TASK STATEMENT:
Compute how many lines below contain the word "RotationPair" and respond with that number only.

PROVIDED ENTRIES:

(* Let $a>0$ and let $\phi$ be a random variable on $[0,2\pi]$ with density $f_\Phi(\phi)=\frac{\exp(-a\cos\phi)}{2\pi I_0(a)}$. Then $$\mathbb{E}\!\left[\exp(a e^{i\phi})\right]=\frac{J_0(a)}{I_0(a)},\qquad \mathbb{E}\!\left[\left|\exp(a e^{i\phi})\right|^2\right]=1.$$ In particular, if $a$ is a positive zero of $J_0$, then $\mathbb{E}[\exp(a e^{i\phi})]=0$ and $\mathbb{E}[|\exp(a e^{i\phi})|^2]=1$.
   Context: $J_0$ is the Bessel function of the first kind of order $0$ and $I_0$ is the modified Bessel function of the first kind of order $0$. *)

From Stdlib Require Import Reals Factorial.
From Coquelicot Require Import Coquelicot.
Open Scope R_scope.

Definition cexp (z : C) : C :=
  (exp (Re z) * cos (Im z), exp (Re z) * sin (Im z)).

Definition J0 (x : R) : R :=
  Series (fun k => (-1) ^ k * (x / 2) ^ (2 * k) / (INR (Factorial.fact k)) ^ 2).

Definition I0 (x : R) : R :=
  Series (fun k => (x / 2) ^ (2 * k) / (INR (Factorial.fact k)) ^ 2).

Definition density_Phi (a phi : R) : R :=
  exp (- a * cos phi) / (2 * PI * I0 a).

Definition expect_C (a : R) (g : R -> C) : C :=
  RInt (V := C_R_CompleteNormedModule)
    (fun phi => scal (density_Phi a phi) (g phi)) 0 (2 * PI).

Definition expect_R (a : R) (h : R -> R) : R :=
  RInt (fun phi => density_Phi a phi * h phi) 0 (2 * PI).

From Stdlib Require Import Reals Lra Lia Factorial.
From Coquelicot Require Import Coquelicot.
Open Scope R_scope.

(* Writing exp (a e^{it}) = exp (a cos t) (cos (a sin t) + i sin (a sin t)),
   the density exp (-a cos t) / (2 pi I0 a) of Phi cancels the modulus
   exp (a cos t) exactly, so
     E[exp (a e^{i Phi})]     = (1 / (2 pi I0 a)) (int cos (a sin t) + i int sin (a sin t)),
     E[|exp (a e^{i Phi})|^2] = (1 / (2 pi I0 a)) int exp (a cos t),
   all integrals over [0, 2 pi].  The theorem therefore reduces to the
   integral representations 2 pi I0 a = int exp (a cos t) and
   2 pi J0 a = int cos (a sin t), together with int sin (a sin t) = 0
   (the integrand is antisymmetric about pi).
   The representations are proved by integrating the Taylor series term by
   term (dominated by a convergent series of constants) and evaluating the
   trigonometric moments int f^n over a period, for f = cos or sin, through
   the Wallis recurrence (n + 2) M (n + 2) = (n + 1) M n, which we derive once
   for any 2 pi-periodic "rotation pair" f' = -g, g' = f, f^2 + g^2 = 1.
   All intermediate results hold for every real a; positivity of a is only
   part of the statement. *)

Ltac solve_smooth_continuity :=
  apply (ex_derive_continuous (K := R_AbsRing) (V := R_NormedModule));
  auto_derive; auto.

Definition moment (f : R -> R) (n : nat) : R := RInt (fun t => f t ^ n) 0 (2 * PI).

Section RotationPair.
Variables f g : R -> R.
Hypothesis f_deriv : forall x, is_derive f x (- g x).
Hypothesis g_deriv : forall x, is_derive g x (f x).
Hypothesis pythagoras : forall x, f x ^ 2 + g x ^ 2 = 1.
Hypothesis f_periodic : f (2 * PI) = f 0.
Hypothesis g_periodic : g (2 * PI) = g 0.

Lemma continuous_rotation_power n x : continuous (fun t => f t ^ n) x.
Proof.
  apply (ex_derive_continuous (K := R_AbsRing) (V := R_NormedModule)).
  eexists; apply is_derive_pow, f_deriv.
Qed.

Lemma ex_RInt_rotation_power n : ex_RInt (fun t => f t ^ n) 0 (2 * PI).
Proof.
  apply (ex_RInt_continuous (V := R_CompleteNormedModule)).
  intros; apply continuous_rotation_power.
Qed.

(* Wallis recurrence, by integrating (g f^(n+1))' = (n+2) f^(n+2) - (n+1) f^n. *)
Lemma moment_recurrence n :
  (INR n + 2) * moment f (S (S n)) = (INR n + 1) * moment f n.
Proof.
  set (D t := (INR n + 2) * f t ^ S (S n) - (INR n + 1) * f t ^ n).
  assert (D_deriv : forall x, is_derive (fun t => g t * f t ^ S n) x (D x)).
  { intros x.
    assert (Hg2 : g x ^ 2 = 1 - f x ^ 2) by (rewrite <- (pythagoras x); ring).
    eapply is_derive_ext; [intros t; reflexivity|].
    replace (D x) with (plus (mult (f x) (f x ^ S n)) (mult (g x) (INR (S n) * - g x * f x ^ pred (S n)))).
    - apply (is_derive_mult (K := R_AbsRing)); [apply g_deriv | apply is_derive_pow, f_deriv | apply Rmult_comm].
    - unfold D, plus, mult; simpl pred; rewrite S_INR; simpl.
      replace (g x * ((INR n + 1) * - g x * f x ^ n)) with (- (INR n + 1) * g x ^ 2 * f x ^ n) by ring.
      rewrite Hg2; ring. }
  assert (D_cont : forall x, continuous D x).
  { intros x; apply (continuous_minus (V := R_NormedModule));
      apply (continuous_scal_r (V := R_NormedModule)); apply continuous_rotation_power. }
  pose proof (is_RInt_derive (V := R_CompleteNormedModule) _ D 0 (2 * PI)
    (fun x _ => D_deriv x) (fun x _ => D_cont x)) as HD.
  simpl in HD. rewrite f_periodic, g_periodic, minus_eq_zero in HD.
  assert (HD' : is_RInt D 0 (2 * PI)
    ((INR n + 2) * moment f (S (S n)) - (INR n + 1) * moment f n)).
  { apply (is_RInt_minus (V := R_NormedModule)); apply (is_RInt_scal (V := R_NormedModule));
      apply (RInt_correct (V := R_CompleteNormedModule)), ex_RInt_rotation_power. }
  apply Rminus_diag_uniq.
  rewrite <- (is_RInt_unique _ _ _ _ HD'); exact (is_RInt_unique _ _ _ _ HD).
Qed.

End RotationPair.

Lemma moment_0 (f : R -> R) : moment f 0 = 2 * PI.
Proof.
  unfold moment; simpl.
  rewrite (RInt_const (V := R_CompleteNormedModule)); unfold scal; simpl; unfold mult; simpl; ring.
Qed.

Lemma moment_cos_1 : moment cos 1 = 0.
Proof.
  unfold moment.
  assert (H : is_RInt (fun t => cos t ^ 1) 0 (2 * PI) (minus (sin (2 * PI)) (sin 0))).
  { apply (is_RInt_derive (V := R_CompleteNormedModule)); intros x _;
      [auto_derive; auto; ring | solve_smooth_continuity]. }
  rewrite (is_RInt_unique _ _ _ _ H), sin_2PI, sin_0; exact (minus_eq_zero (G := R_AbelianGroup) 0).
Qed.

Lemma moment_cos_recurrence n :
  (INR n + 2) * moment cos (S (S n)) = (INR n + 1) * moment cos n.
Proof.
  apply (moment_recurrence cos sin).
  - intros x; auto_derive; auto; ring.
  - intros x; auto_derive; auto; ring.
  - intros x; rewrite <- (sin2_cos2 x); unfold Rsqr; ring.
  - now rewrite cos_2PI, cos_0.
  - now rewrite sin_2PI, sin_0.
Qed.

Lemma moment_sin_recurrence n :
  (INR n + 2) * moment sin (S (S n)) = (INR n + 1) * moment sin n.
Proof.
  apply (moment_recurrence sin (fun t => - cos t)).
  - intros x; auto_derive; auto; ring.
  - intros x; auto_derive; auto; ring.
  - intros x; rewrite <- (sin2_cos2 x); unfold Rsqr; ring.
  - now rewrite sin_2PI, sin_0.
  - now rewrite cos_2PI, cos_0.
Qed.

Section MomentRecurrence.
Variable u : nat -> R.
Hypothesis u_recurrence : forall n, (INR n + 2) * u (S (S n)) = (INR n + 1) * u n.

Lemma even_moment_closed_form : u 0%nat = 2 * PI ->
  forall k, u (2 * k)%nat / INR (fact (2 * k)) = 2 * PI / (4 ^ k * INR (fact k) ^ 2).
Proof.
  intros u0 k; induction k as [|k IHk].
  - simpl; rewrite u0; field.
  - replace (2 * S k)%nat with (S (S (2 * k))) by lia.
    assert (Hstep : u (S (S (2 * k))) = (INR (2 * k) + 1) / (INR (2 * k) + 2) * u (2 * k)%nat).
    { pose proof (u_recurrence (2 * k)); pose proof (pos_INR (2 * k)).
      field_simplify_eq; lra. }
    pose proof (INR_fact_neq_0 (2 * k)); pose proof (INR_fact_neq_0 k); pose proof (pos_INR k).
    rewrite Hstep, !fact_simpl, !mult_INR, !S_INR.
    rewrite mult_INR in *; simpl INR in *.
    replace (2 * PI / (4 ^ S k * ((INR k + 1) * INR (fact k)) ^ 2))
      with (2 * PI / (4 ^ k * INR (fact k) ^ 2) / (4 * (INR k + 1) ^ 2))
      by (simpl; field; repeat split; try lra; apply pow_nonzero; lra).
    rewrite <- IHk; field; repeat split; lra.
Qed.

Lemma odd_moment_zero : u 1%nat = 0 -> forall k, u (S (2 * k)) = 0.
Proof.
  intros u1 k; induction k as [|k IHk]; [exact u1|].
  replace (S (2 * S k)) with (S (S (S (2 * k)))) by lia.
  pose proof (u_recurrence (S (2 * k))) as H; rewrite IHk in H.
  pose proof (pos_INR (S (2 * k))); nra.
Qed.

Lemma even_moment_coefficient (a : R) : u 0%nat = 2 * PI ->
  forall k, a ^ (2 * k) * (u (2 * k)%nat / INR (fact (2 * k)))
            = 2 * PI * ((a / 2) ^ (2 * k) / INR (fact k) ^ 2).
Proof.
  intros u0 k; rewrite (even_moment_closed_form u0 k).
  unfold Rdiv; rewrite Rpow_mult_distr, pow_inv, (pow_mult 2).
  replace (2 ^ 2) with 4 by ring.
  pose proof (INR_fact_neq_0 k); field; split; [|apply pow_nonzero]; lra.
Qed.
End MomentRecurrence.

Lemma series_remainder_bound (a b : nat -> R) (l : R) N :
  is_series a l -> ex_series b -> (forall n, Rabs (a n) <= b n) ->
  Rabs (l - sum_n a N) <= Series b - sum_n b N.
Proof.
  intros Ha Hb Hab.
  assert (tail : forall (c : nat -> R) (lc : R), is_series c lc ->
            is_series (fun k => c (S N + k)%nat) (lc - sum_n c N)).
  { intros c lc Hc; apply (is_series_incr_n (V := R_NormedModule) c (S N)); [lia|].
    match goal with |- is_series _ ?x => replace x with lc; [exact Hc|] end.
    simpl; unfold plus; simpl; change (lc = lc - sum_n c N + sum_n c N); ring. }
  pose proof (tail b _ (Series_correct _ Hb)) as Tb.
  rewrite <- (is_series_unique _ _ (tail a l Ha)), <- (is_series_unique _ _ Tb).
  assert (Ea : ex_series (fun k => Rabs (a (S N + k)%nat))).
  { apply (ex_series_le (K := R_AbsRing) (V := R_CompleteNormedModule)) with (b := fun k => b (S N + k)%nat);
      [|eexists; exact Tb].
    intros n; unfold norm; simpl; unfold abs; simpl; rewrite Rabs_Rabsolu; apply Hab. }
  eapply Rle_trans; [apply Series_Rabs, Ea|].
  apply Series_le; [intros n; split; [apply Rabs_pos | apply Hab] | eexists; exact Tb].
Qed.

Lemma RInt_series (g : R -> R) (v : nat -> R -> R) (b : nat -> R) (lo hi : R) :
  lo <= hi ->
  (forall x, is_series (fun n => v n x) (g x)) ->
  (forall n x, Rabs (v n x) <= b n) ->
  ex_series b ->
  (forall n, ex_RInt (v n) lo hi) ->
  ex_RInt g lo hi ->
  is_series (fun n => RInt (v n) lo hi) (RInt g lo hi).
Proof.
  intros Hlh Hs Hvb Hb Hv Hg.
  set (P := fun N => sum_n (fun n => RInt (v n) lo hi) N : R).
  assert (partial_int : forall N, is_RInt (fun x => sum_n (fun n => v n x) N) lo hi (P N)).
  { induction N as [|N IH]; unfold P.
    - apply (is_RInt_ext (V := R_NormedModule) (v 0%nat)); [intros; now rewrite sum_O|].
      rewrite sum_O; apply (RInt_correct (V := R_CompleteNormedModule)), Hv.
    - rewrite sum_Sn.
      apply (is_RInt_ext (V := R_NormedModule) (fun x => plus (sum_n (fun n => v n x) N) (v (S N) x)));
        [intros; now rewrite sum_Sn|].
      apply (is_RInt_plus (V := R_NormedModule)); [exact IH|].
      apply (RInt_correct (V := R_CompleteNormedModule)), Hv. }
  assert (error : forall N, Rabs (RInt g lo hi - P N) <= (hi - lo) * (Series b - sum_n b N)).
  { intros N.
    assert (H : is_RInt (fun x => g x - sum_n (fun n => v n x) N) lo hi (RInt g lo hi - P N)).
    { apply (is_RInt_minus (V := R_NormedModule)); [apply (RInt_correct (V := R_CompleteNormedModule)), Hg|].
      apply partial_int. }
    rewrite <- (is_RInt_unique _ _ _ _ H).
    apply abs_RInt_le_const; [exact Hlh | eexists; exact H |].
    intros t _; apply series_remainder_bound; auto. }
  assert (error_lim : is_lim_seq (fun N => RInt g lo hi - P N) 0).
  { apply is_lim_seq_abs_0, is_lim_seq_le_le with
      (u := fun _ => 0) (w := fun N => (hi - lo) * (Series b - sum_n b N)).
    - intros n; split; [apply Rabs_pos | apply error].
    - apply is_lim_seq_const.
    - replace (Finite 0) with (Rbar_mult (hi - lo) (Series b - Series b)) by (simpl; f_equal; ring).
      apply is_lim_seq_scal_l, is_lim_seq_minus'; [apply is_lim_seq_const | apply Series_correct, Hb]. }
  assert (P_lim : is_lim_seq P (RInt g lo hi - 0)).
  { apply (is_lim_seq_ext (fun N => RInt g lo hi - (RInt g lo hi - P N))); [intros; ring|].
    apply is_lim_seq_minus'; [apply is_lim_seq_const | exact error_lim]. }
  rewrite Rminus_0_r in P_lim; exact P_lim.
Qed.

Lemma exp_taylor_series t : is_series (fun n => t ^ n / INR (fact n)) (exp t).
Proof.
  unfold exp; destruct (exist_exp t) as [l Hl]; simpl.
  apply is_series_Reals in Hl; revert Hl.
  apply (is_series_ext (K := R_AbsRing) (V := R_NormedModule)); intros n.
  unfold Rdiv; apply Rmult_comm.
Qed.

PROBLEM SOLUTION:
2